Osteoporotic patients on teriparatide demonstrated lower reoperation and symptomatic pseudarthrosis rates 2 years postoperatively compared with osteopenic patients. Moreover, patient-reported and clinical outcomes for osteoporotic patients on teriparatide were not different from those for patients with normal BMD.
Therapeutic Level III . See Instructions for Authors for a complete description of levels of evidence.
成人脊柱畸形(ASD)手术存在重大风险,包括症状性假关节形成,骨质疏松患者中症状性假关节的发生率是骨密度正常患者的两倍。关于特立帕肽(一种骨合成代谢化合物)对限制骨质疏松患者脊柱畸形治疗后再次手术率和假关节形成率的影响,现有数据有限。
将使用特立帕肽的骨质疏松患者(OP-T组)与骨质减少患者(OPE组)和骨密度正常的患者进行比较。OP-T组患者与OPE组患者及骨密度正常的患者按1:2:2的比例进行匹配。所有患者均接受至少2年的随访,并接受涉及>7个器械固定节段的后路脊柱融合术(PSF)。主要结局是2年再次手术率。次要结局包括有无植入物失败的假关节形成、近端交界性后凸(PJK)以及患者报告结局(PRO)的变化。使用条件逻辑回归分析临床结局。使用混合效应模型分析PRO的变化。
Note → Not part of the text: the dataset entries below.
Lemma det_submx_uniq k (t : k.-tuple 'I_n) :
  uniq t -> \det (\matrix_(l, m) A (tnth t l) (tnth t m)) = c k.
Proof.
move=> /tuple_uniqP tI.
by rewrite -det_principal_mx_inj // minorA card_imset // cardsT card_ord.
Qed.

Lemma principal_minor1 i : A i i = c 1.
Proof. by rewrite -(det_submx_uniq (t := [tuple i])) // det_mx11 mxE. Qed.

Lemma principal_minor2 i j : i != j -> A i j ^+ 2 = c 1 ^+ 2 - c 2.
Proof.
move=> ij; rewrite -(det_submx_uniq (t := [tuple i; j])) /= ?inE ?andbT //.
by rewrite det_mx22 !mxE /= !principal_minor1 (Asym j i); ring.
Qed.

Lemma principal_minor3 i j k : i != j -> j != k -> i != k ->
  A i j * A j k * A i k = (c 3 - c 1 ^+ 3 + 3%:R * c 1 * (c 1 ^+ 2 - c 2)) / 2%:R.
Proof.
move=> ij jk ik.
have := det_submx_uniq (t := [tuple i; j; k]).
rewrite /= !inE negb_or ij ik jk det_mx33 !mxE /= !principal_minor1 => /(_ isT) <-.
have -> : 3%:R * c 1 * (c 1 ^+ 2 - c 2) =
    c 1 * (A i j ^+ 2 + A j k ^+ 2 + A i k ^+ 2).
  by rewrite !principal_minor2 //; ring.
by rewrite (Asym j i) (Asym k j) (Asym k i); field.
Qed.

Lemma equal_principal_minors_ab :
  exists al be, forall S : {set 'I_n}, c #|S| = \det (ab_mx #|S| al be).
Proof.
have [be [Asq Atri]] := off_diag_scale principal_minor2 principal_minor3.
have [e [e2 Aoff]] := sign_pattern AT Asq Atri.
exists (c 1), be => S.
by rewrite -minorA (det_principal_signed_ab_mx e2 principal_minor1 Aoff).
Qed.

End EqualPrincipalMinors.

Definition is_det_rep (R : realType) d (a : 'I_d -> R) (A : 'M[R]_d) : Prop :=
  forall lam s, p_a a (\prod_(i < d) ('X + (lam i)%:P)) s =
    \det ('X%:M + map_mx polyC (diag_mx (\row_i lam i) + s *: A)).

Section NuijCoefficients.
Variables (R : realType) (d : nat) (a : 'I_d -> R).

(* [k! a_k] in the paper's indexing, where [a i] stands for [a_(i+1)]; [a_0 = 1]. *)
Definition nuij_coef (k : nat) : R :=
  if k is k'.+1 then k`!%:R * oapp a 0 (insub k') else 1.

Lemma nuij_coefS (i : 'I_d) : nuij_coef i.+1 = (i.+1)`!%:R * a i.
Proof. by rewrite /nuij_coef valK. Qed.

Lemma horner0_p_a p s :
  (p_a a p s).[0] = \sum_(k < d.+1) nuij_coef k * s ^+ k * p`_k.
Proof.
rewrite /p_a hornerD horner_sum horner_coef0 big_ord_recl.
congr (_ + _); first by rewrite /= mulr1 mul1r.
apply: eq_bigr => i _.
rewrite hornerZ horner_coef0 coef_derivn addn0 ffactnn /= valK /= -mulr_natr.
ring.
Qed.

Lemma horner0_p_a_prod (mu : 'I_d -> R) s :
  (p_a a (\prod_(j < d) ('X + (mu j)%:P)) s).[0] =
  \sum_(S : {set 'I_d}) nuij_coef #|S| * s ^+ #|S| * \prod_(j in ~: S) mu j.
Proof.
rewrite horner0_p_a.
under eq_bigr do rewrite coef_prod_XaddC big_distrr.
rewrite (partition_big (fun S : {set 'I_d} => (inord #|S| : 'I_d.+1)) xpredT) //=.
apply: eq_bigr => k _; apply: eq_big => [S | S /eqP <-] //.
have hS : (#|S| < d.+1)%N by rewrite ltnS -[d in (_ <= d)%N]card_ord max_card.
by rewrite -val_eqE /= inordK.
Qed.

Lemma p_aZ c p s : p_a a (c *: p) s = c *: p_a a p s.
Proof.
rewrite /p_a scalerDr scaler_sumr; congr (_ + _); apply: eq_bigr => i _.
by rewrite derivnZ !scalerA mulrC.
Qed.

Lemma p_a_comp_XaddC p s x :
  p_a a (p \Po ('X + x%:P)) s = p_a a p s \Po ('X + x%:P).
Proof.
rewrite /p_a comp_polyD -[_ \Po _ in RHS]/(comp_poly ('X + x%:P) _) raddf_sum.
by congr (_ + _); apply: eq_bigr => i _; rewrite /= comp_polyZ -!derivnS derivn_comp_XaddC.
Qed.

Lemma det_rep_principal_minors (A : 'M[R]_d) :
  is_det_rep a A -> forall S, \det (principal_mx S A) = nuij_coef #|S|.
Proof.
move=> rep S; apply/eqP; rewrite -subr_eq0; apply/eqP; move: S.
apply: (subset_coef_eq0 (c := fun S => \det (principal_mx S A) - nuij_coef #|S|)) => mu.
have := congr1 (horner^~ 0) (rep mu 1).
rewrite horner_det_XaddC horner0_p_a_prod raddf0 add0r scale1r det_diag_addmx.
under eq_bigr do rewrite expr1n mulr1.
by move=> E; under eq_bigr do rewrite mulrBl mulrC; rewrite sumrB -E subrr.
Qed.

Lemma nuij_coef_ab al be :
  (forall S : {set 'I_d}, nuij_coef #|S| = \det (ab_mx #|S| al be)) ->
  forall i : 'I_d,
    a i = (i.+1)`!%:R^-1 * t_ab al be i.+1 /\
    a i = (i.+1)`!%:R^-1 * ((al - be) ^+ i * (al + i%:R * be)).
Proof.
move=> coefE i.
have wI : injective (widen_ord (ltn_ord i)) by move=> x y /(congr1 val) /= /val_inj.
have := coefE (widen_ord (ltn_ord i) @: setT).
rewrite card_imset // cardsT card_ord nuij_coefS => E.
have ai : a i = (i.+1)`!%:R^-1 * t_ab al be i.+1.
  by rewrite -[t_ab _ _ _]/(\det (ab_mx _ al be)) -E mulKf // pnatr_eq0 -lt0n fact_gt0.
by rewrite ai -[t_ab _ _ _]/(\det (ab_mx _ al be)) det_ab_mx.
Qed.

End NuijCoefficients.

Lemma principal_minors_ab_mx (R : realType) d (a : 'I_d -> R) al be :
  (forall i : 'I_d, a i = (i.+1)`!%:R^-1 * t_ab al be i.+1) ->
  forall S, \det (principal_mx S (ab_mx d al be)) = nuij_coef a #|S|.
Proof.
move=> aE S.
rewrite (@det_principal_signed_ab_mx _ _ _ al be (fun=> 1)) => [|i|i|i j /negbTE ij].
- have : (#|S| <= d)%N by rewrite -[d in (_ <= d)%N]card_ord max_card.
  case: #|S| => [|k] kd; first by rewrite det_mx00.
  rewrite -[k]/(val (Ordinal kd)) nuij_coefS aE mulrA mulfV ?mul1r //.
  by rewrite pnatr_eq0 -lt0n fact_gt0.
- exact: expr1n.
- by rewrite mxE eqxx.
- by rewrite mxE ij !mulr1.
Qed.

Lemma ab_mx_det_rep (R : realType) d (a : 'I_d -> R) al be :
  (forall i : 'I_d, a i = (i.+1)`!%:R^-1 * t_ab al be i.+1) ->
  is_det_rep a (ab_mx d al be).
Proof.
move=> /principal_minors_ab_mx coefE lam s.
apply: eq_poly_horner => x.
rewrite -[x in LHS]add0r -horner_comp_XaddC -p_a_comp_XaddC prod_XaddC_comp.
rewrite horner0_p_a_prod horner_det_XaddC.
have -> : x%:M + (diag_mx (\row_i lam i) + s *: ab_mx d al be) =
    diag_mx (\row_j (lam j + x)) + s *: ab_mx d al be.
  by apply/matrixP => i j; rewrite !mxE; case: eqP => _ /=; ring.
rewrite det_diag_addmx; apply: eq_bigr => S _.
by rewrite det_principal_mxZ coefE; ring.
Qed.

(* [z |v|^2 = v N conj(v)^T], which is real because [N] is real symmetric. *)
Lemma sym_eigenvalue_real (R : rcfType) n (N : 'M[R]_n) (z : R[i]) (v : 'rV[R[i]]_n) :
  N^T = N -> v != 0 -> v *m map_mx (real_complex R) N = z *: v -> z \is Num.real.
Proof.
set fC := real_complex R => NT nv ev.
have Nsym i j : N j i = N i j by rewrite -[in LHS]NT mxE.
have vN j : \sum_i v 0 i * fC (N i j) = z * v 0 j.
  have := congr1 (fun A : 'rV_n => A 0 j) ev; rewrite /= !mxE => <-.
  by apply: eq_bigr => i _; rewrite mxE.
pose ss := \sum_j v 0 j * (v 0 j)^*.
pose q := \sum_j \sum_i v 0 i * fC (N i j) * (v 0 j)^*.
have qE : q = z * ss.
  rewrite /q /ss big_distrr; apply: eq_bigr => j _.
  by rewrite -big_distrl /= vN mulrA.
have q_real : q^* = q.
  rewrite /q rmorph_sum /=; under eq_bigr do rewrite rmorph_sum /=.
  rewrite exchange_big /=; apply: eq_bigr => i _; apply: eq_bigr => j _.
  have fC_conj x : (fC x)^* = fC x by exact: conjc_real.
  by rewrite !rmorphM /= conjCK Nsym fC_conj; ring.
have ss_ge0 : 0 <= ss by apply: sumr_ge0 => j _; exact: mulcJ_ge0.
have ss_neq0 : ss != 0.
  apply: contra nv => /eqP ss0; apply/eqP/rowP => j; rewrite mxE.
  have /eqP := psumr_eq0P (fun j _ => mulcJ_ge0 (v 0 j)) ss0 (i := j) isT.
  by rewrite mulf_eq0 conjc_eq0 orbb => /eqP.
have -> : z = q / ss by rewrite qE mulfK.
apply: rpred_div; last exact: ger0_real.
by rewrite CrealE q_real.
Qed.

Section Hyperbolicity.
Variable R : realType.
Local Notation fC := (real_complex R).

Lemma hyperbolicE (p : {poly R}) :
  hyperbolic p <-> p != 0 /\ forall z, root (map_poly fC p) z -> z \is Num.real.
Proof. by rewrite /hyperbolic (eq_map_poly (g := fC)). Qed.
共纳入540例患者(52.6%骨密度正常,32.9%OPE,14.4%OP-T)。在未匹配队列中,OP-T组的2年再次手术率(优势比[OR]=0.45[95%置信区间(CI):0.20至0.91])和假关节形成率(OR=0.25[95%CI:0.08至0.61])显著低于OPE组。OP-T组的78例患者与OPE组的156例患者进行匹配。在这些匹配患者中,2年时,OPE组有23.1%(36例)进行了再次手术,而OP-T组为11.5%(9例)(OR=0.45,p=0.0188);有21.8%(34例)出现有无植入物失败的假关节形成,而OP-T组为6.4%(5例)(OR=0.25,p=0.0048);有6.4%(10例)出现PJK,而OP-T组为7.7%(6例)(OR=1.18,p=0.7547)。术后2年,OP-T组患者的PRO优于OPE组患者。随后,OP-T组的78例患者与骨密度正常组的156例患者进行匹配。在这些匹配患者中,2年再次手术率(OR=0.85[95%CI:0.37至1.98])、假关节形成率(OR=0.51[95%CI:0.181至1.44])和PJK率(OR=0.77[95%CI:0.28至2.06])无显著差异。
与骨质减少患者相比,使用特立帕肽的骨质疏松患者术后2年的再次手术率和症状性假关节形成率较低。此外,使用特立帕肽的骨质疏松患者的患者报告结局和临床结局与骨密度正常的患者无异。
治疗性三级。有关证据级别的完整描述,请参阅作者须知。